Look through the records below for the line with "have v0 t : v t 0%N = 0.". Return that line and each one after it up to and including the line with "have vz : v", exactly.

Record excerpts START

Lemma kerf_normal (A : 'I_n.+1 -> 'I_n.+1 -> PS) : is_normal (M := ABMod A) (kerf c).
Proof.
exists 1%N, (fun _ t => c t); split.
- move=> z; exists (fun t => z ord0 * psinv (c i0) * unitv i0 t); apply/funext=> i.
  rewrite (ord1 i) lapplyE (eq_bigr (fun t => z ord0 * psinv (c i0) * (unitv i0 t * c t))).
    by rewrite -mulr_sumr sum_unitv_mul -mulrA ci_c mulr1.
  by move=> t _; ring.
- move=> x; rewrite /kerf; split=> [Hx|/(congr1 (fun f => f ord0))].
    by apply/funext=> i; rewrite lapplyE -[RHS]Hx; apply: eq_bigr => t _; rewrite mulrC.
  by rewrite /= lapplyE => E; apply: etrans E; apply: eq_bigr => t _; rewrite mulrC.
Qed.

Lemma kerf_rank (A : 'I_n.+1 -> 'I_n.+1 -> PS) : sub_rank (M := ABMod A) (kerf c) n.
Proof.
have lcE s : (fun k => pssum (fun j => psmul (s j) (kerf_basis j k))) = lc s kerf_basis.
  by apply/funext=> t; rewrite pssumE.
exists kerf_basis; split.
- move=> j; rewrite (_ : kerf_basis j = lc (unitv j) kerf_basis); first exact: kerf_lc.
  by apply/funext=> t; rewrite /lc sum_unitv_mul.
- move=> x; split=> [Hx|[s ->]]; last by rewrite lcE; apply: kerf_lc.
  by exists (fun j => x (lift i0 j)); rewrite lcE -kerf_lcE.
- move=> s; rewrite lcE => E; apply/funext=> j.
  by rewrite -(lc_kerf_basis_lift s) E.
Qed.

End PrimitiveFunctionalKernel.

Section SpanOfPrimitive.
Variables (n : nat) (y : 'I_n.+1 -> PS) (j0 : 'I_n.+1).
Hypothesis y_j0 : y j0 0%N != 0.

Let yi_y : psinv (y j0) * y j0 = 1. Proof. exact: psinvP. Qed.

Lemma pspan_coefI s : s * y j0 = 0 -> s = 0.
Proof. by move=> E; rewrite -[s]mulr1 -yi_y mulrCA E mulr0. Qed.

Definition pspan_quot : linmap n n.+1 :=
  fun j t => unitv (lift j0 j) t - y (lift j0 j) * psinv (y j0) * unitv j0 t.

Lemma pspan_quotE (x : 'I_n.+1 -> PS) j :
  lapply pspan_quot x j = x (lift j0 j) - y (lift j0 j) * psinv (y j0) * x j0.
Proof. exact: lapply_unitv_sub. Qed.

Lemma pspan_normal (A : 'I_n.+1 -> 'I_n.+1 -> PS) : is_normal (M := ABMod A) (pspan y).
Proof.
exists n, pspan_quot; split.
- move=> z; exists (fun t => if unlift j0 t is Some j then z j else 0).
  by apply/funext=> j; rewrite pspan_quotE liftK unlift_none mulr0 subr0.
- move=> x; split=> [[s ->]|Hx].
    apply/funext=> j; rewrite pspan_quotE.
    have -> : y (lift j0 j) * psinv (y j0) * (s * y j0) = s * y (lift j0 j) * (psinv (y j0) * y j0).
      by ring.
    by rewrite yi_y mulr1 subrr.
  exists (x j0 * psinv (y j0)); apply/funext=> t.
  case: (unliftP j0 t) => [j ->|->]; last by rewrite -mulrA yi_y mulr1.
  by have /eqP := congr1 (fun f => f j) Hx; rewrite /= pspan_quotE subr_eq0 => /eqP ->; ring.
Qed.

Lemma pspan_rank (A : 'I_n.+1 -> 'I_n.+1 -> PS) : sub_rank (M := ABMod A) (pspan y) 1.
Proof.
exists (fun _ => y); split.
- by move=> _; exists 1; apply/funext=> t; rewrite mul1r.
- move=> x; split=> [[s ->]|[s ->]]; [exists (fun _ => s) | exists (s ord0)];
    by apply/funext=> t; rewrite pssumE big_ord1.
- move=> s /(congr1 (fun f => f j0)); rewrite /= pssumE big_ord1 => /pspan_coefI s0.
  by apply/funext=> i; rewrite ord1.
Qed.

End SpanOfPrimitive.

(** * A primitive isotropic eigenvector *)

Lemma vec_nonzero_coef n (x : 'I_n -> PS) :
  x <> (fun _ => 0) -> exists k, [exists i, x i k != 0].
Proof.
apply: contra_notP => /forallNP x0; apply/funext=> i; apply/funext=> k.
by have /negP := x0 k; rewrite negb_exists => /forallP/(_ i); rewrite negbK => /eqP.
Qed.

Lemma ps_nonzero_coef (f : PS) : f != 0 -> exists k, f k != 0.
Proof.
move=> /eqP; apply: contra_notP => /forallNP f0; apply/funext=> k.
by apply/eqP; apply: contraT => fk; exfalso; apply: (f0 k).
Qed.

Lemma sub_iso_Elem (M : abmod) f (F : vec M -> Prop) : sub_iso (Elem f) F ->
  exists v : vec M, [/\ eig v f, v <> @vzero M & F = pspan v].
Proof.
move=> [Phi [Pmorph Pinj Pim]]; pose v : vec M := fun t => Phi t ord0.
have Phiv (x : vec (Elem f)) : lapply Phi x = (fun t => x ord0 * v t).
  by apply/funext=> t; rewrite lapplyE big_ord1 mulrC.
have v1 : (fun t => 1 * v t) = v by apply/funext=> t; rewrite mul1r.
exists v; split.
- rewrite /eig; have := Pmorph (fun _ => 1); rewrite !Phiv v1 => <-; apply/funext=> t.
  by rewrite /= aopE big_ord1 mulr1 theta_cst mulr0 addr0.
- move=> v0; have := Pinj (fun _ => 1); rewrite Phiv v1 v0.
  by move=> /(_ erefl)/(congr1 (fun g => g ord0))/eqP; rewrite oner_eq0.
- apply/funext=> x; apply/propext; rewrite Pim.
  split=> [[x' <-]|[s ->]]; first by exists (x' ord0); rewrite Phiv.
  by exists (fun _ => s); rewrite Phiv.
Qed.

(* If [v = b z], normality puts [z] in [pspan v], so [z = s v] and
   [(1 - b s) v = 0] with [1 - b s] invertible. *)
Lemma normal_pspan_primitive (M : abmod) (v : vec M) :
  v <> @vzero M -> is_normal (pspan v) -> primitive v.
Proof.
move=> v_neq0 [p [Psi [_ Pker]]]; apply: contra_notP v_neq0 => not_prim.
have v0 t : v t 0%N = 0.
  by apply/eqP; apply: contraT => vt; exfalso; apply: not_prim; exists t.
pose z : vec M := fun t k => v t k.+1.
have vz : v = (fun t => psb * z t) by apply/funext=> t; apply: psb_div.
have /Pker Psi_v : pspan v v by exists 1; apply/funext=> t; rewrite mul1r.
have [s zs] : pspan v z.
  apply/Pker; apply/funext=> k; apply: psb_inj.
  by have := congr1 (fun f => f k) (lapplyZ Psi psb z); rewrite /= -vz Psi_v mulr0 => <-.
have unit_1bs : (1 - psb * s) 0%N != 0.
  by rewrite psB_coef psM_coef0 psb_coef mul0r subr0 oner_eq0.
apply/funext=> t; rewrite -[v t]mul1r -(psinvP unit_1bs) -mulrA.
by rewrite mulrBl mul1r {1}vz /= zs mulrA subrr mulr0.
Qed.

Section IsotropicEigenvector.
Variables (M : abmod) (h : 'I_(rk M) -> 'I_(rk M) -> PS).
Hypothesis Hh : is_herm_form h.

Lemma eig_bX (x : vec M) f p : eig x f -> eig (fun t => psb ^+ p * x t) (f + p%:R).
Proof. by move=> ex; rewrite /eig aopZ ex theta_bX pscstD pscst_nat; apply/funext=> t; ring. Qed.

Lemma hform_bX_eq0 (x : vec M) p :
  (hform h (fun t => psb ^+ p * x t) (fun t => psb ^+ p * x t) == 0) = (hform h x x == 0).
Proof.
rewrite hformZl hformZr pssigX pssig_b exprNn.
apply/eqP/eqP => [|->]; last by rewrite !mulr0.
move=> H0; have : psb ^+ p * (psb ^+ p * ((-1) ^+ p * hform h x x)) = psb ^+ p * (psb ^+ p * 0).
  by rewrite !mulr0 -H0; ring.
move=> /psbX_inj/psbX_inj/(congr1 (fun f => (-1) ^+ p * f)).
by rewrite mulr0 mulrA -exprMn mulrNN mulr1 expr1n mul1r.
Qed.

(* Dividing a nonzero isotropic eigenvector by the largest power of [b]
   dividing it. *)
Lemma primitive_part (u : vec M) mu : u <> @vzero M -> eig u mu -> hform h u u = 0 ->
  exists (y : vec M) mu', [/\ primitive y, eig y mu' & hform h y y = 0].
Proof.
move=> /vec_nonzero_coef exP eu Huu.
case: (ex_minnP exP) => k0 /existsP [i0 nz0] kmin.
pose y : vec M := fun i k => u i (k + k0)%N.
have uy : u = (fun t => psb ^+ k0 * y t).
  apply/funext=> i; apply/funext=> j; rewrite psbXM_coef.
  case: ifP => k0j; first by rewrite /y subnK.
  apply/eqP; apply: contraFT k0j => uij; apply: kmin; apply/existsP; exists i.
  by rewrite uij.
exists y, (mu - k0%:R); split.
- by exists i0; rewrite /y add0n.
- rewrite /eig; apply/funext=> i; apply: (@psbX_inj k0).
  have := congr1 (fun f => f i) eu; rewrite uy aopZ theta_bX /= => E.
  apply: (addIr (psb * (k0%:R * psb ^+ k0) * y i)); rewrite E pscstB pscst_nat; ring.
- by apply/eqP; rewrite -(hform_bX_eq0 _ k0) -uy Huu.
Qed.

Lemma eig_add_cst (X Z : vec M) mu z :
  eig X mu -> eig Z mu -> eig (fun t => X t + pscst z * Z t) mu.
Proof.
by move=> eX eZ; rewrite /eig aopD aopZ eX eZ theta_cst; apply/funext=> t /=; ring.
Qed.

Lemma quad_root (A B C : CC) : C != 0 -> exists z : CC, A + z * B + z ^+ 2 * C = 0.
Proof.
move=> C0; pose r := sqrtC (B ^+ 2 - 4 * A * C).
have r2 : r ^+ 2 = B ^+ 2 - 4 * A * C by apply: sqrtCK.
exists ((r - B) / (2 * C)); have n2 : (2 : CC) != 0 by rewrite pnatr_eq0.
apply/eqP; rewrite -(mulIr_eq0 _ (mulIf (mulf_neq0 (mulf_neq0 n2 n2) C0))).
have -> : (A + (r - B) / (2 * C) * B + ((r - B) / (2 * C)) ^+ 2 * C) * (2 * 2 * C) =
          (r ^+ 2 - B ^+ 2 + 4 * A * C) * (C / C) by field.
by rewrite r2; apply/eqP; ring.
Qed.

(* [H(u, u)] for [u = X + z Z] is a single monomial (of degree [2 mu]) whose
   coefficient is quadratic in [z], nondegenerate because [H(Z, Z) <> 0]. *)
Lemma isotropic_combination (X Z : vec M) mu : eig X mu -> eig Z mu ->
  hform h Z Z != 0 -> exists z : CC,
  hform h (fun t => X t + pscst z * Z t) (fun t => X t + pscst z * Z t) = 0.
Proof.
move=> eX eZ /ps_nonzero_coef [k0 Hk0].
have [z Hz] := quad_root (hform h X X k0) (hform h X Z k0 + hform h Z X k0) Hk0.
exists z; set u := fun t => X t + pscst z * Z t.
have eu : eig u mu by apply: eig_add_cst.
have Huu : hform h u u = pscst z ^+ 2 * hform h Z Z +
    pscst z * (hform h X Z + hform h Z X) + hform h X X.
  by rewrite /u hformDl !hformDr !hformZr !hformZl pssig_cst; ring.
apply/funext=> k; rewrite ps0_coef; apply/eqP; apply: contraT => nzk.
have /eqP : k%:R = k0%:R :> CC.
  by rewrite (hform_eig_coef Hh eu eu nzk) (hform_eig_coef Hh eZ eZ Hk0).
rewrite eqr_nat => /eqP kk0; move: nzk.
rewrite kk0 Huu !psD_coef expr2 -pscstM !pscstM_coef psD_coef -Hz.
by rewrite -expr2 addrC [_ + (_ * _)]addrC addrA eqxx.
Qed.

Record excerpts END
Record excerpts START

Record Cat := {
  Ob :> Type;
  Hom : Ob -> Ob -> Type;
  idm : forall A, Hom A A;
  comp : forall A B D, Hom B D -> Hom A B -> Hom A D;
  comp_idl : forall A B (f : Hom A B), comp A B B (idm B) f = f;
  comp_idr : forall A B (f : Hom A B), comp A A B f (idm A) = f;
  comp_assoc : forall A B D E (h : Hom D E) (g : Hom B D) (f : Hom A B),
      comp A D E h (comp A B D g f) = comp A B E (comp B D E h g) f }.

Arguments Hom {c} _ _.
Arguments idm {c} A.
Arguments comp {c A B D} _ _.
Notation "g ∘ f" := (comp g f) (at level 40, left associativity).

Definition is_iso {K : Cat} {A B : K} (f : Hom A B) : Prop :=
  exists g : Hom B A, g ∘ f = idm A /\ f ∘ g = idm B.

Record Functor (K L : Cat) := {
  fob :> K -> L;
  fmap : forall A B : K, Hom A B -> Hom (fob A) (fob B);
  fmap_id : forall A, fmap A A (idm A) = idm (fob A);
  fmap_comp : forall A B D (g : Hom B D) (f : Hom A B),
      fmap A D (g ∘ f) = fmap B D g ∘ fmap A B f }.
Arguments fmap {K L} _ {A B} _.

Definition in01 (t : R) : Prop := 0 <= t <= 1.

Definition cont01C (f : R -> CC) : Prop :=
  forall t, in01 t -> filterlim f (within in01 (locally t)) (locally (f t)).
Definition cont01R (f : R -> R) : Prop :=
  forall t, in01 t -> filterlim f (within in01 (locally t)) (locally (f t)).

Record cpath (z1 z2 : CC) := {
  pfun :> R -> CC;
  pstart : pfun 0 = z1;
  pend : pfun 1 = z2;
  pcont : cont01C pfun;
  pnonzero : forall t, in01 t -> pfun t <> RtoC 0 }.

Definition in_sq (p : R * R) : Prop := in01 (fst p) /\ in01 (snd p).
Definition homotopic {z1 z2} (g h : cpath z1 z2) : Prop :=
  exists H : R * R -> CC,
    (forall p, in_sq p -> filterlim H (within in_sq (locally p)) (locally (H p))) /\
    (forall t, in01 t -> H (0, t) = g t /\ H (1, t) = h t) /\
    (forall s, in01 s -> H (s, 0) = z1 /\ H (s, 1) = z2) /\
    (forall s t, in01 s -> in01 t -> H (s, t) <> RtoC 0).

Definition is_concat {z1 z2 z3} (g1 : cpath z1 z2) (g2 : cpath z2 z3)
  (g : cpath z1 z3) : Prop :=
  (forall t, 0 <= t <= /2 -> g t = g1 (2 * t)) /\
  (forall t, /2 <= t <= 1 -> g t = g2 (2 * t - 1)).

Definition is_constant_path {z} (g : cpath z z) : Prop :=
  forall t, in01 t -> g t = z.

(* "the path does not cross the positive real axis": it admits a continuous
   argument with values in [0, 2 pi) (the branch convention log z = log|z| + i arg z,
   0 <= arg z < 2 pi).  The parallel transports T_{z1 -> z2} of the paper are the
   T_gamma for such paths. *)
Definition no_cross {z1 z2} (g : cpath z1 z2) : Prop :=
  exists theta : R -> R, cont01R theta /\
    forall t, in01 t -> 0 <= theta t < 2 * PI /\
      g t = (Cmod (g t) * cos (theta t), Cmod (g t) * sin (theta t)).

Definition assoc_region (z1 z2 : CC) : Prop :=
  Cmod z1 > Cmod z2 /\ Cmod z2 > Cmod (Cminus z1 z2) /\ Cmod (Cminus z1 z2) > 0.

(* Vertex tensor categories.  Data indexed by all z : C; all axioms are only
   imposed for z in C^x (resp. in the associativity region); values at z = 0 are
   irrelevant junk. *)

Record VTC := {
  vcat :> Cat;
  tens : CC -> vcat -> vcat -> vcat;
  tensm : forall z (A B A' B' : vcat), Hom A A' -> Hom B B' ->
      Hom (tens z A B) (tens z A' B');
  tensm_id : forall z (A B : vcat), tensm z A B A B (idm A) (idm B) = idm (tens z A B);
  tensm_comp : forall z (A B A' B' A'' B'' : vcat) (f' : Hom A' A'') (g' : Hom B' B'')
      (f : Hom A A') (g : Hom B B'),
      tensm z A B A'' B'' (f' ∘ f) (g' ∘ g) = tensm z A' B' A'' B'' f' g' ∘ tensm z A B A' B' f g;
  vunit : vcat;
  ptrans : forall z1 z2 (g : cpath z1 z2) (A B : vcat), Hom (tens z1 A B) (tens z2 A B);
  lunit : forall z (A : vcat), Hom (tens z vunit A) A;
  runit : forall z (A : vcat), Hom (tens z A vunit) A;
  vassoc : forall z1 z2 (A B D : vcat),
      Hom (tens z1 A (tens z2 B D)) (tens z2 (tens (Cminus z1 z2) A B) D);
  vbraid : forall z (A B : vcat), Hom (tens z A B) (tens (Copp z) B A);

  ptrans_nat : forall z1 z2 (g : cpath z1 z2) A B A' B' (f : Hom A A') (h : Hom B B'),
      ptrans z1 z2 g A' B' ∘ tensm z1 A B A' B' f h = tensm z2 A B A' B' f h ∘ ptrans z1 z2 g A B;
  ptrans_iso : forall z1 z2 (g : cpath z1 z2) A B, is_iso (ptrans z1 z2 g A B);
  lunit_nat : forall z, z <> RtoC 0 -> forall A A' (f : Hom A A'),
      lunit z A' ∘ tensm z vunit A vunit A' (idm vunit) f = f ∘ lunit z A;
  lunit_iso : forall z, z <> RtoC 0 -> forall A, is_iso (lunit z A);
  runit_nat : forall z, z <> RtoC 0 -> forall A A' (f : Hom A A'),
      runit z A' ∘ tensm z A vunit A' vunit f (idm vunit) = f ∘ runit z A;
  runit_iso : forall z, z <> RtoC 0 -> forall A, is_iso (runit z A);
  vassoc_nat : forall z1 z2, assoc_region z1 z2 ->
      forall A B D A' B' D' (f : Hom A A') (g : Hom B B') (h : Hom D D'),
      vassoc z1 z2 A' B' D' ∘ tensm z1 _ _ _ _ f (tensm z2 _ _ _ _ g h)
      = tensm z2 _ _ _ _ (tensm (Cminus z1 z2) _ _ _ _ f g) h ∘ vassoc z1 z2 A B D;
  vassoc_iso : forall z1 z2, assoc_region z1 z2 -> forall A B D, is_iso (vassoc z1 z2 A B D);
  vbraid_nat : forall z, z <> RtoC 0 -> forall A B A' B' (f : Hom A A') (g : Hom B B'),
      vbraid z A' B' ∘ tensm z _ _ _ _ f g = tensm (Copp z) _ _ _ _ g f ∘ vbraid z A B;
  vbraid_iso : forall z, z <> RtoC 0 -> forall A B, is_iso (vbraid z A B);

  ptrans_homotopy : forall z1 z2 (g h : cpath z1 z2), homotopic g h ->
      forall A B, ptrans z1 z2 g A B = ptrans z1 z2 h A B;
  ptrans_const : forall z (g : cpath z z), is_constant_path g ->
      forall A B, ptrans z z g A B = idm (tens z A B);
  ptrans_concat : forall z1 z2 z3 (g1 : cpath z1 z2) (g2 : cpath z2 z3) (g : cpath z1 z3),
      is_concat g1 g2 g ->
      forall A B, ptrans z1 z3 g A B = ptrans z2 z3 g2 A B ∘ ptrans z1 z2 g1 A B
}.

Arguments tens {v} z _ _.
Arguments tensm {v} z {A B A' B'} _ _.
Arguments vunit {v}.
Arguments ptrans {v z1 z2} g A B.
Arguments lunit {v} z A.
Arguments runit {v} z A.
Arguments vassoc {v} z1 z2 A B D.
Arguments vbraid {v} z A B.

Record excerpts END

*Exercise output*
have v0 t : v t 0%N = 0.
  by apply/eqP; apply: contraT => vt; exfalso; apply: not_prim; exists t.
pose z : vec M := fun t k => v t k.+1.
have vz : v = (fun t => psb * z t) by apply/funext=> t; apply: psb_div.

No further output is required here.